EXPERIENȚA ȘI DISCERNĂMÂNTUL PATRISTIC CU PRIVIRE LA BOALA PĂCATULUI
Abstract
By losing the sense of dependence on God, contemporary man inexorably
loses the sense of sin. In reality, the sense of God and the sense of sin are intimately
linked in consciousness, because only in the face of God does man discover and feel
himself a profound sinner and because only in the face of God the Father does man
realize that he has sinned, that is, that he has failed in the love of God, violating a law
that transcends him, which is not an invention and to which he must obey. This is why
the sense of God and the sense of sin stand together or fall together. It is clear that
when God is erased or absent from consciousness, sin is no longer felt as such: at most it
remains there as an obscure feeling of guilt, but not as sin, which necessarily implies an
explicit reference to God and to a transcendent and heteronomous law. The process of
secularization, at the same time as it affected man’s sense of God, also affected the sense
of sin. Unable to eliminate sin as easily as he eliminated God, because sin is too human
a reality to deny, man secularized it, reducing it to a feeling of guilt and, ultimately,
to a mental illness. This is also the reason why psychoanalysis and psychiatry have
taken the official place of confession and spiritual guidance for many. Many people
today feel truly good, free and happy in this secularized world, without God. They do
not live against God, they do not harbor resentment against faith or against believers.

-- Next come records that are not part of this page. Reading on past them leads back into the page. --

(* For any two $n$-qubit density matrices $\rho,\sigma$, $|\mathcal{C}(\rho)-\mathcal{C}(\sigma)|\le\|\rho-\sigma\|_1$.
   Context: For an $n$-qubit density matrix $\rho$, $\mathcal{C}(\rho)=1-\mathrm{Tr}[(\bigotimes_{i=1}^n\Pi_+^{(i)})\rho^{\otimes 2}]$, where $\Pi_+^{(i)}=\frac12(\mathbb{1}+\mathbb{F}^{(i)})$ and $\mathbb{F}^{(i)}$ swaps the $i$-th qubits of the two copies. $\|\cdot\|_1$ is the trace norm. *)

From HB Require Import structures.
From mathcomp Require Import all_boot all_order all_algebra.
From mathcomp Require Import sesquilinear spectral.
Set Implicit Arguments. Unset Strict Implicit. Unset Printing Implicit Defensive.
Import Order.TTheory GRing.Theory Num.Theory.
Local Open Scope ring_scope.
Local Open Scope sesquilinear_scope.

Section Qubits.
Variable C : numClosedFieldType.

Definition psdmx (N : nat) (A : 'M[C]_N) : Prop :=
  forall v : 'rV[C]_N, 0 <= (v *m A *m v ^t*) 0 0.

Definition density_matrix (n : nat) (rho : 'M[C]_(2 ^ n)) : Prop :=
  [/\ rho \is hermsymmx, psdmx rho & \tr rho = 1].

Definition pair_of (N : nat) (k : 'I_(N * N)) : 'I_N * 'I_N :=
  enum_val (cast_ord (esym (@mxvec_cast N N)) k).

Definition tens (N : nat) (A B : 'M[C]_N) : 'M[C]_(N * N) :=
  \matrix_(a, b) (A (pair_of a).1 (pair_of b).1 * B (pair_of a).2 (pair_of b).2).

Definition qbit (n : nat) (x : 'I_(2 ^ n)) (i : 'I_n) : bool := odd (x %/ 2 ^ i).

(* F^(i): swaps the i-th qubits of the two copies *)
Definition swapq (n : nat) (i : 'I_n) : 'M[C]_(2 ^ n * 2 ^ n) :=
  \matrix_(a, b)
    (let: (x, y) := pair_of a in let: (x', y') := pair_of b in
     [&& [forall j : 'I_n, (j != i) ==>
            ((qbit x j == qbit x' j) && (qbit y j == qbit y' j))],
         qbit x i == qbit y' i & qbit y i == qbit x' i]%:R).

Definition Pplus (n : nat) (i : 'I_n) : 'M[C]_(2 ^ n * 2 ^ n) :=
  2^-1 *: (1%:M + swapq i).

(* tensor product over i of the Pi_+^(i) (each acting on its own qubit pair),
   i.e. the product of the commuting operators Pi_+^(i) *)
Definition Pplus_all (n : nat) : 'M[C]_(2 ^ n * 2 ^ n) :=
  \big[mulmx/1%:M]_(i < n) Pplus i.

Definition Cmeas (n : nat) (rho : 'M[C]_(2 ^ n)) : C :=
  1 - \tr (Pplus_all n *m tens rho rho).

(* trace norm ||A||_1 = Tr sqrt(A^dagger A) = sum of square roots of the
   eigenvalues of the (normal, PSD) matrix A^dagger A *)
Definition trnorm (N : nat) (A : 'M[C]_N) : C :=
  \sum_(i < N) sqrtC (spectral_diag (A ^t* *m A) 0 i).

End Qubits.

(* With [P := Pplus_all n], a product of commuting orthogonal projections and hence
   itself one, [Cmeas rho = 1 - overlap P rho rho], where [overlap P X Y = Tr[P (X (x) Y)]]
   is bilinear; so for [D = rho - sigma],
   [Cmeas rho - Cmeas sigma = -(overlap P D rho + overlap P sigma D)].
   Expanding [D = sum_k e_k w_k^* w_k] and [rho = sum_m d_m u_m^* u_m] spectrally gives
   [overlap P D rho = sum_k e_k c_k] with [c_k = sum_m d_m <w_k (x) u_m|P|w_k (x) u_m>]
   in [[0, 1]]; as [sum_k e_k = Tr D = 0], its modulus is at most [(sum_k |e_k|) / 2],
   and likewise for [overlap P sigma D].  Finally [sum_k |e_k| <= ||D||_1]. *)

From HB Require Import structures.
From mathcomp Require Import all_boot all_order all_algebra.
From mathcomp Require Import sesquilinear spectral.
From mathcomp Require Import fingroup perm zify ring.
Set Implicit Arguments. Unset Strict Implicit. Unset Printing Implicit Defensive.
Import Order.TTheory GRing.Theory Num.Theory.

Definition nbit (x j : nat) : bool := odd (x %/ 2 ^ j).

Definition of_bits (n : nat) (b : nat -> bool) : nat := \sum_(j < n) b j * 2 ^ j.

Lemma of_bitsS n b : of_bits n.+1 b = b 0 + 2 * of_bits n (fun j => b j.+1).
Proof.
rewrite /of_bits big_ord_recl /= expn0 muln1 big_distrr /=; congr addn.
by apply: eq_bigr => j _; rewrite expnS mulnCA.
Qed.

Lemma eq_of_bits n b b' : (forall j, j < n -> b j = b' j) -> of_bits n b = of_bits n b'.
Proof. by move=> eq_b; apply: eq_bigr => j _; rewrite eq_b. Qed.

Lemma of_bits_lt n b : of_bits n b < 2 ^ n.
Proof.
elim: n b => [|n IHn] b; first by rewrite /of_bits big_ord0.
by rewrite of_bitsS expnS; have := IHn (fun j => b j.+1); case: (b 0) => /=; lia.
Qed.

Lemma nbit_of_bits n b j : j < n -> nbit (of_bits n b) j = b j.
Proof.
elim: n b j => [|n IHn] b [|j] //= lt_jn; rewrite of_bitsS /nbit.
  by rewrite expn0 divn1 oddD oddM /=; case: (b 0).
rewrite expnS divnMA.
have -> : (b 0 + 2 * of_bits n (fun j => b j.+1)) %/ 2 = of_bits n (fun j => b j.+1).
  by case: (b 0) => /=; lia.
exact: IHn.
Qed.

Lemma of_bits_nbit n x : x < 2 ^ n -> of_bits n (nbit x) = x.
Proof.
elim: n x => [|n IHn] x lt_x; first by rewrite /of_bits big_ord0; lia.
rewrite of_bitsS (@eq_of_bits n _ (nbit (x %/ 2))); last first.
  by move=> j _; rewrite /nbit expnS divnMA.
rewrite IHn; last by rewrite ltn_divLR // mulnC -expnS.
by rewrite /nbit expn0 divn1 {3}(divn_eq x 2) modn2; case: (odd x) => /=; lia.
Qed.

Section PairIndex.
Variable N : nat.

Definition index_of (p : 'I_N * 'I_N) : 'I_(N * N) :=
  cast_ord (@mxvec_cast N N) (enum_rank p).

Lemma index_ofK : cancel index_of (@pair_of N).
Proof. by move=> p; rewrite /pair_of /index_of cast_ordK enum_rankK. Qed.

Lemma pair_ofK : cancel (@pair_of N) index_of.
Proof. by move=> a; rewrite /pair_of /index_of enum_valK cast_ordKV. Qed.

End PairIndex.

Section QubitSwap.
Variable n : nat.
Local Notation N := (2 ^ n).

Definition ord_of_bits (b : nat -> bool) : 'I_N := Ordinal (of_bits_lt n b).

Lemma nbit_ord_of_bits b j : j < n -> nbit (ord_of_bits b) j = b j.
Proof. exact: nbit_of_bits. Qed.

Lemma eq_ord_nbit (x y : 'I_N) : (forall j, j < n -> nbit x j = nbit y j) -> x = y.
Proof.
move=> eq_xy; apply: val_inj => /=.
by rewrite -(of_bits_nbit (ltn_ord x)) -(of_bits_nbit (ltn_ord y)); apply: eq_of_bits.
Qed.

Definition swap_qubit (i : nat) (p : 'I_N * 'I_N) : 'I_N * 'I_N :=
  (ord_of_bits (fun j => if j == i then nbit p.2 j else nbit p.1 j),
   ord_of_bits (fun j => if j == i then nbit p.1 j else nbit p.2 j)).

Lemma swap_qubitK i : involutive (swap_qubit i).
Proof.
move=> [x y]; rewrite /swap_qubit /=; congr pair; apply: eq_ord_nbit => j lt_jn;
  by rewrite !nbit_ord_of_bits //; case: eqP.
Qed.

Lemma swap_qubitC i k p : swap_qubit i (swap_qubit k p) = swap_qubit k (swap_qubit i p).
Proof.
case: p => x y; rewrite /swap_qubit /=; congr pair; apply: eq_ord_nbit => j lt_jn;
  by rewrite !nbit_ord_of_bits //; case: eqP; case: eqP.
Qed.

Lemma swapq_condE (i : 'I_n) (x y x' y' : 'I_N) :
  [&& [forall j : 'I_n, (j != i) ==>
            ((qbit x j == qbit x' j) && (qbit y j == qbit y' j))],
         qbit x i == qbit y' i & qbit y i == qbit x' i]
  = ((x', y') == swap_qubit i (x, y)).
Proof.
apply/idP/eqP => [/and3P[/forallP eq_other /eqP eq_xy' /eqP eq_yx'] | [-> ->]].
  congr pair; apply: eq_ord_nbit => j lt_jn; rewrite nbit_ord_of_bits //;
  case: eqP => [-> // | ne_ji]; have := eq_other (Ordinal lt_jn);
  rewrite (introN eqP (fun e : Ordinal lt_jn = i => ne_ji (congr1 val e))) /=;
  by case/andP=> /eqP + /eqP.
apply/and3P; rewrite /qbit -!/(nbit _ _) !nbit_ord_of_bits // eqxx; split=> //.
apply/forallP => j; apply/implyP => ne_ji.
have ne_ji_nat : (nat_of_ord j == i) = false by apply/negbTE.
by rewrite -!/(nbit _ _) !nbit_ord_of_bits // ne_ji_nat !eqxx.
Qed.

Definition swap_index (i : nat) (a : 'I_(N * N)) : 'I_(N * N) :=
  index_of (swap_qubit i (pair_of a)).

Lemma swap_indexK i : involutive (swap_index i).
Proof. by move=> a; rewrite /swap_index index_ofK swap_qubitK pair_ofK. Qed.

Definition swap_perm (i : nat) : 'S_(N * N) := perm (can_inj (swap_indexK i)).

Lemma swap_permV i : (swap_perm i)^-1%g = swap_perm i.
Proof.
apply: (mulgI (swap_perm i)); rewrite mulgV; apply/permP => a.
by rewrite permM perm1 !permE swap_indexK.
Qed.

Lemma swap_permC i k : commute (swap_perm i) (swap_perm k).
Proof.
by apply/permP => a; rewrite !permM !permE /swap_index !index_ofK swap_qubitC.
Qed.

End QubitSwap.

Local Open Scope ring_scope.
Local Open Scope sesquilinear_scope.

Section OrthogonalProjections.
Variables (C : numClosedFieldType) (N : nat).
Implicit Types (P F : 'M[C]_N) (z : 'rV[C]_N).

Definition orthoproj P : Prop := P^t* = P /\ P *m P = P.

Lemma trmxC1 : (1%:M : 'M[C]_N)^t* = 1%:M.
Proof. by rewrite trmx1 map_mx1. Qed.

Lemma hermitian_involution_orthoproj F :
  F^t* = F -> F *m F = 1%:M -> orthoproj (2^-1 *: (1%:M + F)).
Proof.
move=> F_herm FF; split.
  by rewrite linearZ /= map_mxZ linearD /= map_mxD F_herm trmxC1 fmorphV rmorph_nat.
rewrite -scalemxAl -scalemxAr mulmxDl !mulmxDr mul1mx mulmx1 FF scalerA.
rewrite mul1mx (addrC F 1%:M) -mulr2n -scaler_nat scalerA; congr (_ *: _).
by rewrite -mulrA mulVf ?mulr1 // pnatr_eq0.
Qed.

Lemma orthoproj_big_mulmx I (r : seq I) (Ps : I -> 'M[C]_N) :
  (forall i j, Ps i *m Ps j = Ps j *m Ps i) -> (forall i, orthoproj (Ps i)) ->
  orthoproj (\big[mulmx/1%:M]_(i <- r) Ps i).
Proof.
move=> Ps_comm Ps_proj.
suff [] : (forall j, comm_mx (\big[mulmx/1%:M]_(i <- r) Ps i) (Ps j)) /\
          orthoproj (\big[mulmx/1%:M]_(i <- r) Ps i) by [].
elim: r => [|i r [IHcomm [IHherm IHidem]]].
  rewrite big_nil; split=> [j|]; first by rewrite /comm_mx mul1mx mulmx1.
  by split; rewrite ?trmxC1 ?mulmx1.
rewrite big_cons; have [Pi_herm Pi_idem] := Ps_proj i.
set Q := \big[mulmx/1%:M]_(j <- r) Ps j in IHcomm IHherm IHidem *.
split; first by move=> j; rewrite /comm_mx -mulmxA IHcomm mulmxA Ps_comm -mulmxA.
split; first by rewrite trmx_mul map_mxM IHherm Pi_herm IHcomm.
by rewrite -mulmxA (mulmxA Q) IHcomm -mulmxA IHidem mulmxA Pi_idem.
Qed.

Lemma orthoproj_compl P : orthoproj P -> orthoproj (1%:M - P).
Proof.
move=> [P_herm P_idem]; split; first by rewrite linearB /= map_mxB trmxC1 P_herm.
by rewrite mulmxBl !mulmxBr !mul1mx mulmx1 P_idem subrr subr0.
Qed.

Lemma orthoproj_form_ge0 P z : orthoproj P -> 0 <= (z *m P *m z^t*) 0 0.
Proof.
move=> [P_herm P_idem].
have -> : z *m P *m z^t* = (z *m P) *m (z *m P)^t*.
  by rewrite trmx_mul map_mxM P_herm mulmxA -(mulmxA z P P) P_idem.
by rewrite -dotmxE dnorm_ge0.
Qed.

Lemma orthoproj_form_le P z : orthoproj P -> (z *m P *m z^t*) 0 0 <= (z *m z^t*) 0 0.
Proof.
move=> /orthoproj_compl/(orthoproj_form_ge0 z).
by rewrite mulmxBr mulmx1 mulmxBl [X in 0 <= X]mxE [X in 0 <= _ + X]mxE subr_ge0.
Qed.

End OrthogonalProjections.

Section Symmetrizers.
Variables (C : numClosedFieldType) (n : nat).

Lemma swapqE (i : 'I_n) : swapq C i = perm_mx (swap_perm n i).
Proof.
apply/matrixP => a b; rewrite !mxE permE.
have -> : (swap_index i a == b) = (pair_of b == swap_qubit i (pair_of a)).
  by rewrite /swap_index -{1}(pair_ofK b) (can_eq (@index_ofK _)) eq_sym.
by case: (pair_of a) (pair_of b) => [x y] [x' y']; rewrite swapq_condE.
Qed.

Lemma Pplus_orthoproj (i : 'I_n) : orthoproj (Pplus C i).
Proof.
rewrite /Pplus swapqE; apply: hermitian_involution_orthoproj.
  by rewrite tr_perm_mx swap_permV map_perm_mx.
by rewrite -perm_mxM -{1}swap_permV mulVg perm_mx1.
Qed.

Lemma Pplus_comm (i k : 'I_n) : Pplus C i *m Pplus C k = Pplus C k *m Pplus C i.
Proof.
rewrite /Pplus !swapqE -!scalemxAl -!scalemxAr; congr (_ *: (_ *: _)).
rewrite !mulmxDl !mulmxDr !mul1mx !mulmx1 -!perm_mxM swap_permC.
by rewrite addrACA (addrC (perm_mx _)).
Qed.

Lemma Pplus_all_orthoproj : orthoproj (Pplus_all C n).
Proof. by apply: orthoproj_big_mulmx; [apply: Pplus_comm | apply: Pplus_orthoproj]. Qed.

End Symmetrizers.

They live in an atheism that is anything but a militant anti‑theism, they are irreligious,
true “gentlemen“; in their thoughts and in their lives God occupies no place. They are
splendid pagans, perhaps at the peak of their professional lives, and also excellent,
helpful and exemplary neighbors, but as far as God is concerned, there are no signs of
his presence in their minds and lives. In reality, the mystery of sin is revealed to man
only when he places himself before God: by looking and allowing himself to be looked at
the situations of his life from the point of view of his relationship with God.